• Défense de Marcher sur la Pelouse !

     

    Avec le retour précoce du printemps, les tondeuses ressortent. « L’herbe » n’a qu’à bien se tenir jusqu’au mois d’octobre prochain. Cette façon de gérer les espaces enherbés est devenu tellement habituelle qu’elle nous semble exister de toute éternité. En fait, la pelouse tondue ras chaque semaine s’est développée avec l’urbanisme de l’après-guerre, les « grands ensembles » et les lotissements pavillonnaires, avec la vision fantasmée de l’American way of life du GI’s libérateur.

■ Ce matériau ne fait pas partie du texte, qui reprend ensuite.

(* Let $T$, $\mathcal{S}=\mathcal{S}_+\cup\mathcal{S}_-$, $\Psi$, $U$, $\mu$, $P_\mu$ and $V_\mu$ be as in the context. Consider the following three discrete-time QBDs on phase space $\mathcal{S}$: (i) the QBD with blocks $\Theta_{-1}=\begin{bmatrix}0&\frac12P_{\mu+-}\\0&P_{\mu--}\end{bmatrix}$, $\Theta_0=\begin{bmatrix}\frac12P_{\mu++}&0\\P_{\mu-+}&0\end{bmatrix}$, $\Theta_1=\frac12\begin{bmatrix}I&0\\0&0\end{bmatrix}$; (ii) the QBD with blocks $B'_{-1}=\frac12\begin{bmatrix}0&P_{\mu+-}\\0&P_{\mu--}\end{bmatrix}$, $B'_0=\frac12\begin{bmatrix}P_{\mu++}&0\\P_{\mu-+}&I\end{bmatrix}$, $B'_1=\frac12\begin{bmatrix}I&0\\0&0\end{bmatrix}$; (iii) the QBD with blocks $B_{-1}=\begin{bmatrix}0&(I-\mu^{-1}T_{++})^{-1}P_{\mu+-}\\0&V_\mu\end{bmatrix}$, $B_0=0$, $B_1=\begin{bmatrix}(I-\mu^{-1}T_{++})^{-1}&0\\0&0\end{bmatrix}$. Then the QBD in (ii) has the same $\mathcal{G}$-matrix as the QBD in (i) and the same $\mathcal{G}$-matrix as the QBD in (iii).
   Context: $T$ is the generator of a continuous-time Markov chain on a finite set $\mathcal{S}=\mathcal{S}_+\cup\mathcal{S}_-$ (disjoint, both nonempty), partitioned into blocks $T_{++},T_{+-},T_{-+},T_{--}$ according to $\mathcal{S}_\pm$. $\Psi$ is the minimal nonnegative solution of $T_{+-}+\Psi T_{--}+T_{++}\Psi+\Psi T_{-+}\Psi=0$ (the first-return probability matrix of the unit-rate fluid queue with phase generator $T$, rates $+1$ on $\mathcal{S}_+$ and $-1$ on $\mathcal{S}_-$), and $U:=T_{--}+T_{-+}\Psi$. $\mu>0$ satisfies $\mu\ge\max_i|T_{ii}|$; $P_\mu:=I+\mu^{-1}T$ with blocks $P_{\mu++}$ etc., and $V_\mu:=I+\mu^{-1}U$. A discrete-time quasi-birth-death process (QBD) with transition blocks $L_{-1},L_0,L_1$ is a Markov chain $\{(Y_n,\kappa_n)\}$ on $\mathbb{Z}\times\mathcal{S}$ with $\mathbb{P}[Y_n=k+d,\kappa_n=j\mid Y_{n-1}=k,\kappa_{n-1}=i]=(L_d)_{ij}$ for $d\in\{-1,0,1\}$. Its $\mathcal{G}$-matrix has entries $\mathcal{G}_{ij}=\mathbb{P}[\theta<\infty,\kappa_\theta=j\mid Y_0=k,\kappa_0=i]$ with $\theta=\inf\{n>0:Y_n=k-1\}$. Matrices are partitioned into blocks according to $\mathcal{S}_+,\mathcal{S}_-$. *)

From HB Require Import structures.
From mathcomp Require Import all_boot all_order all_algebra.
From mathcomp Require Import all_classical all_reals all_analysis.
Set Implicit Arguments. Unset Strict Implicit. Unset Printing Implicit Defensive.
Import Order.TTheory GRing.Theory Num.Theory.
Local Open Scope ring_scope.

(* Phase space S = 'I_(p + m); S_+ = first p indices, S_- = last m indices.
   Blocks ++, +-, -+, -- are ulsubmx, ursubmx, dlsubmx, drsubmx. *)

Definition is_generator (R : realType) (n : nat) (T : 'M[R]_n) : Prop :=
  (forall i j, i != j -> 0 <= T i j) /\ (forall i, \sum_j T i j = 0).

Definition riccati (R : realType) (p m : nat) (T : 'M[R]_(p + m))
    (X : 'M[R]_(p, m)) : Prop :=
  ursubmx T + X *m drsubmx T + ulsubmx T *m X + X *m dlsubmx T *m X = 0.

Definition nonneg_mx (R : realType) (a b : nat) (X : 'M[R]_(a, b)) : Prop :=
  forall i j, 0 <= X i j.

Definition is_min_nonneg_sol (R : realType) (p m : nat) (T : 'M[R]_(p + m))
    (Psi : 'M[R]_(p, m)) : Prop :=
  [/\ nonneg_mx Psi, riccati T Psi &
      forall X : 'M[R]_(p, m), nonneg_mx X -> riccati T X ->
        forall i j, Psi i j <= X i j].

(* Taboo transition matrices of a discrete-time QBD with blocks Lm = L_{-1},
   L0 = L_0, Lp = L_1: (taboo k l) i j is the probability, starting from
   (level y, phase i), to be at (level y + l, phase j) at time k without
   having visited level y - 1 at any of the times 1..k. *)
Fixpoint taboo (R : realType) (n : nat) (Lm L0 Lp : 'M[R]_n) (k : nat)
    : nat -> 'M[R]_n :=
  match k with
  | 0 => fun l => if l == 0%N then 1%:M else 0
  | k'.+1 => fun l =>
      (if l is l'.+1 then taboo Lm L0 Lp k' l' *m Lp else 0)
      + taboo Lm L0 Lp k' l *m L0 + taboo Lm L0 Lp k' l.+1 *m Lm
  end.

(* The G-matrix: G i j = P[theta < oo, kappa_theta = j | Y_0 = y, kappa_0 = i],
   theta = first time n > 0 with Y_n = y - 1; i.e. the sum over k >= 0 of the
   probabilities that theta = k + 1 and kappa_theta = j. *)
Definition Gmatrix (R : realType) (n : nat) (Lm L0 Lp : 'M[R]_n) : 'M[R]_n :=
  \matrix_(i, j)
    limn (fun N : nat => \sum_(k < N) (taboo Lm L0 Lp k 0 *m Lm) i j).

Section Blocks.
Variables (R : realType) (p m : nat) (T : 'M[R]_(p + m)) (Psi : 'M[R]_(p, m))
  (mu : R).

Definition Pmu : 'M[R]_(p + m) := 1%:M + mu^-1 *: T.
Definition Umx : 'M[R]_m := drsubmx T + dlsubmx T *m Psi.
Definition Vmu : 'M[R]_m := 1%:M + mu^-1 *: Umx.
Definition Minv : 'M[R]_p := invmx (1%:M - mu^-1 *: ulsubmx T).

Definition Theta_m1 : 'M[R]_(p + m) :=
  block_mx 0 (2^-1 *: ursubmx Pmu) 0 (drsubmx Pmu).
Definition Theta_0 : 'M[R]_(p + m) :=
  block_mx (2^-1 *: ulsubmx Pmu) 0 (dlsubmx Pmu) 0.
Definition Theta_1 : 'M[R]_(p + m) :=
  2^-1 *: block_mx 1%:M 0 0 0.

Definition Bp_m1 : 'M[R]_(p + m) :=
  2^-1 *: block_mx 0 (ursubmx Pmu) 0 (drsubmx Pmu).
Definition Bp_0 : 'M[R]_(p + m) :=
  2^-1 *: block_mx (ulsubmx Pmu) 0 (dlsubmx Pmu) 1%:M.
Definition Bp_1 : 'M[R]_(p + m) :=
  2^-1 *: block_mx 1%:M 0 0 0.

Definition B_m1 : 'M[R]_(p + m) :=
  block_mx 0 (Minv *m ursubmx Pmu) 0 Vmu.
Definition B_0 : 'M[R]_(p + m) := 0.
Definition B_1 : 'M[R]_(p + m) :=
  block_mx Minv 0 0 0.
End Blocks.

(* The G-matrix of a QBD with nonnegative blocks L_{-1}, L_0, L_1 is the
   minimal nonnegative solution of X = L_{-1} + L_0 X + L_1 X^2 as soon as this
   equation has a nonnegative supersolution X: by first-step analysis, the
   probability of a first passage from level y + a down to y - 1 within N steps
   is bounded by X^(a+1), and since a passage down two levels is the
   convolution of two passages down one level, the limit of these
   probabilities is itself a fixed point.

   For each of the three QBDs, G* = [[0, Psi], [0, V_mu]] is a fixed point (this
   is the Riccati equation for Psi written with P_mu), so the G-matrix lies
   below G* and has the form [[0, Y], [0, Z]] with Y <= Psi. For (i) and (ii)
   the fixed-point equation says that Y solves the Riccati equation, so Y = Psi
   by minimality, and then Z = V_mu. For (iii) it gives Z = V_mu and
   (I - mu^-1 T_{++}) Y = P_{mu+-} + Y V_mu, which makes [[0, Y], [0, V_mu]] a
   supersolution for (ii); hence G* <= [[0, Y], [0, V_mu]] and again Y = Psi. *)

From mathcomp Require Import all_boot all_order all_algebra.
From mathcomp Require Import all_classical all_reals all_analysis.
From mathcomp.algebra_tactics Require Import ring lra.
From mathcomp Require Import zify.
Import Order.TTheory GRing.Theory Num.Theory.
Import numFieldNormedType.Exports.
Local Open Scope classical_set_scope.
Local Open Scope ring_scope.
Set Implicit Arguments. Unset Strict Implicit. Unset Printing Implicit Defensive.

Section EntrywiseOrder.
Variable R : realType.

Definition mx_le (a b : nat) (A B : 'M[R]_(a, b)) := forall i j, A i j <= B i j.

Lemma nonneg_mxE a b (A : 'M[R]_(a, b)) : nonneg_mx A <-> mx_le 0 A.
Proof. by split=> A_ge0 i j; have := A_ge0 i j; rewrite mxE. Qed.

Lemma nonneg_mx0 a b : nonneg_mx (0 : 'M[R]_(a, b)).
Proof. by move=> i j; rewrite mxE. Qed.

Lemma nonneg_mx1 a : nonneg_mx (1%:M : 'M[R]_a).
Proof. by move=> i j; rewrite mxE ler0n. Qed.

Lemma nonneg_mxD a b (A B : 'M[R]_(a, b)) :
  nonneg_mx A -> nonneg_mx B -> nonneg_mx (A + B).
Proof. by move=> A_ge0 B_ge0 i j; rewrite mxE addr_ge0. Qed.

Lemma nonneg_mxM a b c (A : 'M[R]_(a, b)) (B : 'M[R]_(b, c)) :
  nonneg_mx A -> nonneg_mx B -> nonneg_mx (A *m B).
Proof.
by move=> A_ge0 B_ge0 i j; rewrite mxE sumr_ge0 // => l _; rewrite mulr_ge0.
Qed.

    La pelouse existait auparavant avec les jardins de broderies du XVIIe siècle, puis avec les tous les stades engazonnés et autres jardins d’acclimatation à la fin du XIXe siècle. Mais à part cela, La plupart des châteaux étaient entourés de prairies, pâturées par les moutons ou les vaches. Les faucheurs entraient en action au mois de juin, puis en septembre pour le regain. L’herbe des parcs, coupée et séchée, était soigneusement récoltée, mise en mulons et était donnée à manger aux animaux en hiver.

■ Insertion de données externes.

Lemma is_series_diagonal (a : nat -> nat -> R) (r : nat -> R) S :
  (forall i j, 0 <= a i j) -> (forall i, is_series (a i) (r i)) -> is_series r S ->
  is_series (fun d => sum_n (fun i => a i (d - i)%nat) d) S.
Proof.
  intros Ha Hr HS.
  set (b i d := if Nat.leb i d then a i (d - i)%nat else 0).
  assert (Hb : forall i d, 0 <= b i d).
  { intros i d. unfold b. destruct (Nat.leb i d); [apply Ha | lra]. }
  destruct (is_series_swap b r S Hb (fun i => is_series_delay (a i) (r i) i (Hr i)) HS) as [Hcol Hsum].
  apply (is_series_ext (fun d => Series (fun i => b i d))); [|exact Hsum].
  intro d. apply is_series_unique.
  replace (sum_n (fun i => a i (d - i)%nat) d) with (sum_n (fun i => b i d) d).
  - apply is_series_finite. intros k Hk. unfold b.
    destruct (Nat.leb k d) eqn:E; [apply Nat.leb_le in E; lia | reflexivity].
  - apply sum_n_ext_loc. intros i Hi. unfold b. now rewrite (proj2 (Nat.leb_le i d) Hi).
Qed.

Lemma sum_list_map_plus {T} (f g : T -> R) l :
  sum_list (map (fun x => f x + g x) l) = sum_list (map f l) + sum_list (map g l).
Proof. induction l as [|x l IH]; simpl; [ring | rewrite IH; ring]. Qed.

Lemma sum_list_map_scal {T} (c : R) (f : T -> R) l :
  sum_list (map (fun x => c * f x) l) = c * sum_list (map f l).
Proof. induction l as [|x l IH]; simpl; [ring | rewrite IH; ring]. Qed.

Lemma sum_list_map_ext {T} (f g : T -> R) l :
  (forall x, In x l -> f x = g x) -> sum_list (map f l) = sum_list (map g l).
Proof. induction l as [|x l IH]; simpl; intros H; [reflexivity|]. rewrite H, IH; auto. Qed.

Lemma sum_list_map_le {T} (f g : T -> R) l :
  (forall x, In x l -> f x <= g x) -> sum_list (map f l) <= sum_list (map g l).
Proof.
  induction l as [|x l IH]; simpl; intros H; [lra|].
  pose proof (H x (or_introl eq_refl)). pose proof (IH (fun y Hy => H y (or_intror Hy))). lra.
Qed.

    L’herbe n’était pas encore un « déchet vert » dont on se débarrasse sur le trottoir, dans des sacs plastiques, au lendemain du week-end. Mais voilà, la tondeuse à essence, autotractée, auto-portée… a remplacé la tondeuse à main hélicoïdale, les chèvres et les lapins

    Le nouveau Graal c’est le « gazon anglais ». Ne pas s’y conformer est un signe ostensible de relâchement. Même si on admire par ailleurs une prairie haute – avec encore quelques marguerites – dont les épis ondulent sous le vent, personne ne veut plus admettre qu’une graminée dépasse les 3 cm règlementaires dans son environnement proche.

    Le « sauvage » en un mot la vraie nature n’a plus le droit de citer, n’a plus le droit de cité… et cela particulièrement en France. Ceux qui ont visité la Grande-Bretagne ont bien vu que si la pelouse était de rigueur sur un bowling-green, un terrain de cricket, de football ou de rugby, la plupart des grands parcs restaient en herbe avec juste quelques allées pour les parcourir et s’émerveiller des fleurs sauvages qui les parsèment. En Allemagne, l’herbe « folle » ne semble pas plus traumatiser les habitants de Fribourg ou d’ailleurs.

    La dictature du « faire propre » – vision totalement subjective et récente s’est installée chez nous et nous réduit en esclavage. Tonte hebdomadaire qui conduit à 24 passages par an, complétée par le « roto-fil » et les herbicides là où la tondeuse ne passe pas. Pour une collectivité, c’est un budget colossal, le plus coûteux en termes d’entretien d’espaces verts et sans guère d’intérêt sur le plan esthétique et sans aucun bénéfice pour la nature. La pelouse, c’est le niveau zéro de la biodiversité à tel point qu’une pelouse synthétique peut la remplacer sans problème et la remplace d’ailleurs.

    Alors que « l’herbe » constitue la fondation essentielle de la pyramide écologique, celle qui conditionne les équilibres dont nous dépendons. Nous avons perdu de vue que l’herbe est l’alimentation de base des herbivores, sauvages et domestiques, maillons essentiels de la transformation de la protéine végétale en protéine animale.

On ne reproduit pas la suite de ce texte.